## Required action
Please copy, exactly as they appear below, the lines from the one containing "destruct (Nat.eq_dec k 0) as [->|Hk0]." through the one containing "k) _ _ t Ht IH);".

[Stored data entries]

# # # # #

Theorem mainTheorem18 (n : nat) (hn : 1 <= n) (w : 'S_n) :
  stab_is (Tw w) 1 <-> (forall i : 'I_n, w i = rev_ord i).
Proof.
set s := [seq (w i).+1 | i <- enum 'I_n].
have size_s : size s = n by rewrite size_map size_enum_ord.
have -> : Tw w = antidiag n (nth 0 (rev s)).
  rewrite [Tw w](_ : _ = antidiag n (fun i => nth 0 s (n.-1 - i))) //.
  by apply: eq_antidiag => i lt_in; rewrite nth_rev size_s //; congr nth; lia.
rewrite stab_is1 stabilizes_antidiag_nth1 ?size_rev ?rev_uniq //; first last.
- move=> x; rewrite mem_rev => /mapP[i _ ->].
  by rewrite mem_iota add1n !ltnS leq0n ltn_ord.
- by rewrite map_inj_uniq ?enum_uniq // => i j /succn_inj/val_inj/perm_inj.
rewrite -[iota 1 n]revK (can_eq revK) rev_iota_ord.
split=> [/eqP/eq_in_map eq_w i | eq_w].
  by apply/val_inj/succn_inj/eq_w; rewrite mem_enum.
by apply/eqP/eq_in_map => i _; rewrite eq_w.
Qed.
Lemma G_comb_step k y : (1 <= k)%nat ->
  2 * INR k * (2 * INR k + 1) * G_comb (S k) y = G_comb'' k y + 4 * INR k ^ 2 * G_comb k y.
Proof.
  intros Hk. unfold G_comb at 1. rewrite <- sum_lt_scal.
  rewrite (sum_lt_ext _ (fun j => (csc_coef k j * (INR (2 * (k - j)) * INR (S (2 * (k - j)))))
                                  * G (2 * (S k - j)) y +
                                  (match j with O => 0 | S j' => 4 * INR k ^ 2 * csc_coef k j' end)
                                  * G (2 * (S k - j)) y))
    by (intros j Hj; rewrite <- Rmult_plus_distr_r, <- csc_coef_rec by lia; ring).
  rewrite sum_lt_plus. f_equal.
  - change (sum_lt (fun j => (csc_coef k j * (INR (2 * (k - j)) * INR (S (2 * (k - j)))))
                             * G (2 * (S k - j)) y) k
            + (csc_coef k k * (INR (2 * (k - k)) * INR (S (2 * (k - k))))) * G (2 * (S k - k)) y
            = G_comb'' k y).
    replace (INR (2 * (k - k))) with 0 by (replace (2 * (k - k))%nat with O by lia; reflexivity).
    rewrite Rmult_0_l, Rmult_0_r, Rmult_0_l, Rplus_0_r.
    apply sum_lt_ext. intros j Hj.
    replace (2 * (S k - j))%nat with (S (S (2 * (k - j)))) by lia. ring.
  - rewrite sum_lt_shift, Rmult_0_l, Rplus_0_l. unfold G_comb. rewrite <- sum_lt_scal.
    apply sum_lt_ext. intros j Hj. replace (2 * (S k - S j))%nat with (2 * (k - j))%nat by lia. ring.
Qed.

Lemma csc_pow_G_comb k : (1 <= k)%nat -> forall y, 0 < y < PI -> csc_pow k y = G_comb k y.
Proof.
  induction k as [|k IH]; intros Hk y Hy; [lia|].
  destruct (Nat.eq_dec k 0) as [->|Hk0].
  - unfold csc_pow, G_comb, csc_coef. simpl sum_lt. rewrite s_sym_0. simpl.
    rewrite <- inv_sin2_G by auto. simpl pow. field. apply sin_neq_0_0_PI; auto.
  - specialize (IH ltac:(lia)).
    assert (D1 : forall t, 0 < t < PI -> csc_pow' k t = G_comb' k t).
    { intros t Ht. apply (is_derive_unique_0_PI (csc_pow k) (G_comb k) _ _ t Ht IH);
        [apply is_derive_csc_pow|apply is_derive_G_comb]; auto. }
    assert (D2 : 2 * INR k * (2 * INR k + 1) * csc_pow (S k) y - 4 * INR k ^ 2 * csc_pow k y
                 = G_comb'' k y).
    { apply (is_derive_unique_0_PI (csc_pow' k) (G_comb' k) _ _ y Hy D1);
        [apply is_derive_csc_pow'|apply is_derive_G_comb']; auto. }
    rewrite IH in D2 by auto.
    assert (Hkpos : 0 < INR k) by (apply lt_0_INR; lia).
    apply (Rmult_eq_reg_l (2 * INR k * (2 * INR k + 1))); [|apply Rgt_not_eq; nra].
    rewrite G_comb_step by lia. lra.
Qed.

Lemma GF_S_G_expansion m v : (1 <= v)%nat -> (1 <= m)%nat ->
  GF_S m v = sum_lt (fun j => (PI / (2 * INR m)) ^ (2 * v) * csc_coef v j *
                       ((2 / PI) ^ (2 * (v - j)) * zeta (2 * (v - j)) * (INR m ^ (2 * (v - j)) - 1))) v.
Proof.
  intros Hv Hm. unfold GF_S. rewrite lsum_seq.
  pose proof PI_RGT_0. assert (Hm0 : 0 < INR m) by (apply lt_0_INR; lia).
  rewrite (sum_lt_ext _ (fun i => G_comb v (INR (1 + i) * PI / (2 * INR m)))).
  2:{ intros i Hi. rewrite <- csc_pow_G_comb; [reflexivity|auto|].
      assert (INR (1 + i) <= INR m) by (apply le_INR; lia).
      assert (0 < INR (1 + i)) by (apply lt_0_INR; lia).
      split; [apply Rdiv_lt_0_compat; nra|].
      apply Rmult_lt_reg_r with (2 * INR m); [lra|].
      unfold Rdiv. rewrite Rmult_assoc, Rinv_l by lra. nra. }
  unfold G_comb. rewrite sum_lt_swap, <- sum_lt_scal. apply sum_lt_ext. intros j Hj.
  rewrite sum_lt_scal, sum_G_lattice by lia. ring.
Qed.
(* With p = e^s and zw = 1: read backwards, (p^(1-2N) z; p^2)_N is (p w; p^2)_N up to the
   factor (-z)^N p^(-N^2). *)
Lemma qpoch_part_reflect s (z w : C) N : (z * w = 1)%C ->
  (RtoC ((-1) ^ N * exp (s * INR N ^ 2)) * w ^ N
   * qpoch_part (RtoC (exp (s * (1 - 2 * INR N))) * z) (exp (2 * s)) N)%C
  = qpoch_part (RtoC (exp s) * w) (exp (2 * s)) N.
Proof.
  intros Hzw. induction N as [|N IH].
  - simpl. rewrite Rmult_0_l, Rmult_0_r, exp_0, Rmult_1_l. ring.
  - set (A := exp (s * (1 - 2 * INR (S N)))).
    set (E := exp (s * (2 * INR N + 1))).
    set (X := qpoch_part (RtoC (exp (s * (1 - 2 * INR N))) * z) (exp (2 * s)) N).
    set (K := RtoC ((-1) ^ N * exp (s * INR N ^ 2))).
    assert (HAE : (RtoC A * RtoC E = 1)%C).
    { unfold A, E. rewrite <- RtoC_mult, <- exp_plus, S_INR.
      replace (s * (1 - 2 * (INR N + 1)) + s * (2 * INR N + 1)) with 0 by ring.
      now rewrite exp_0. }
    assert (HE : (RtoC (exp s) * RtoC (exp (2 * s) ^ N) = RtoC E)%C).
    { unfold E. rewrite <- RtoC_mult, exp_pow, <- exp_plus. f_equal. f_equal. ring. }
    assert (Hfirst : qpoch_part (RtoC A * z) (exp (2 * s)) (S N) = ((1 - RtoC A * z) * X)%C).
    { change (S N) with (1 + N)%nat. rewrite qpoch_part_add. unfold X.
      replace (RtoC A * z * RtoC (exp (2 * s) ^ 1))%C
        with (RtoC (exp (s * (1 - 2 * INR N))) * z)%C.
      - simpl. ring.
      - rewrite pow_1. transitivity (RtoC (A * exp (2 * s)) * z)%C; [| rewrite RtoC_mult; ring].
        unfold A. rewrite <- exp_plus, S_INR. do 3 f_equal. ring. }
    assert (Hsign : RtoC ((-1) ^ S N * exp (s * INR (S N) ^ 2)) = (- K * RtoC E)%C).
    { unfold K, E. rewrite <- RtoC_opp, <- RtoC_mult, S_INR. f_equal.
      replace (s * (INR N + 1) ^ 2) with (s * INR N ^ 2 + s * (2 * INR N + 1)) by ring.
      rewrite exp_plus. simpl. ring. }
    rewrite Hfirst, Hsign.
    change (qpoch_part (RtoC (exp s) * w) (exp (2 * s)) (S N))
      with (qpoch_part (RtoC (exp s) * w) (exp (2 * s)) N
            * (1 - RtoC (exp s) * w * RtoC (exp (2 * s) ^ N)))%C.
    rewrite <- IH. fold X K.
    transitivity (K * w ^ N * X * (RtoC A * RtoC E * (z * w) - RtoC E * w))%C.
    + rewrite Cpow_S. ring.
    + rewrite HAE, Hzw, <- HE. ring.
Qed.
(* Let $\mathcal{H}$ be a complex separable Hilbert space and $\mathcal{E}(\mathcal{H})$ its set of effects. The function $\mathcal{B}_0:\mathcal{E}(\mathcal{H})\to\mathbb{R}$ defined by $$\mathcal{B}_0(A):=\|A\|-\|I-A\|$$ is a bias measure.
   Context: An effect is a selfadjoint bounded operator $A$ on $\mathcal{H}$ with $\mathbb{O}\le A\le I$; $\mathcal{E}(\mathcal{H})$ is the set of effects, $A':=I-A$, norms are operator norms, $\sigma_A$ is the spectrum of $A$. For an effect $A$ put $\mu(\sigma_A):=\tfrac12(\max\sigma_A+\min\sigma_A)=\tfrac12(\|A\|+1-\|A'\|)$; $A$ is called unbiased if $\mu(\sigma_A)=\tfrac12$. A function $\mathcal{B}:\mathcal{E}(\mathcal{H})\to\mathbb{R}$ is a bias measure if: (B1) $-1\le\mathcal{B}(A)\le1$; (B2) $\mathcal{B}(A)=0$ iff $\mu(\sigma_A)=\tfrac12$; (B3) $\mathcal{B}(A)=1$ iff $A=I$, and $\mathcal{B}(A)=-1$ iff $A=\mathbb{O}$; (B4) $\mathcal{B}(A)=-\mathcal{B}(A')$; (B5) $\mathcal{B}(CAC^{-1})=\mathcal{B}(A)$ for every invertible bounded operator $C$ such that $CAC^{-1}$ is an effect; (B6) $A\mapsto\mathcal{B}(A)$ is continuous in operator norm. *)

From HB Require Import structures.
From mathcomp Require Import all_boot all_order all_algebra.
From mathcomp Require Import complex.
From mathcomp Require Import boolp classical_sets reals.
Set Implicit Arguments. Unset Strict Implicit. Unset Printing Implicit Defensive.
Import Order.TTheory GRing.Theory Num.Theory.
Local Open Scope ring_scope.
Local Open Scope classical_set_scope.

# # # # #

## Solution to this problem
  destruct (Nat.eq_dec k 0) as [->|Hk0].
  - unfold csc_pow, G_comb, csc_coef. simpl sum_lt. rewrite s_sym_0. simpl.
    rewrite <- inv_sin2_G by auto. simpl pow. field. apply sin_neq_0_0_PI; auto.
  - specialize (IH ltac:(lia)).
    assert (D1 : forall t, 0 < t < PI -> csc_pow' k t = G_comb' k t).
    { intros t Ht. apply (is_derive_unique_0_PI (csc_pow k) (G_comb k) _ _ t Ht IH);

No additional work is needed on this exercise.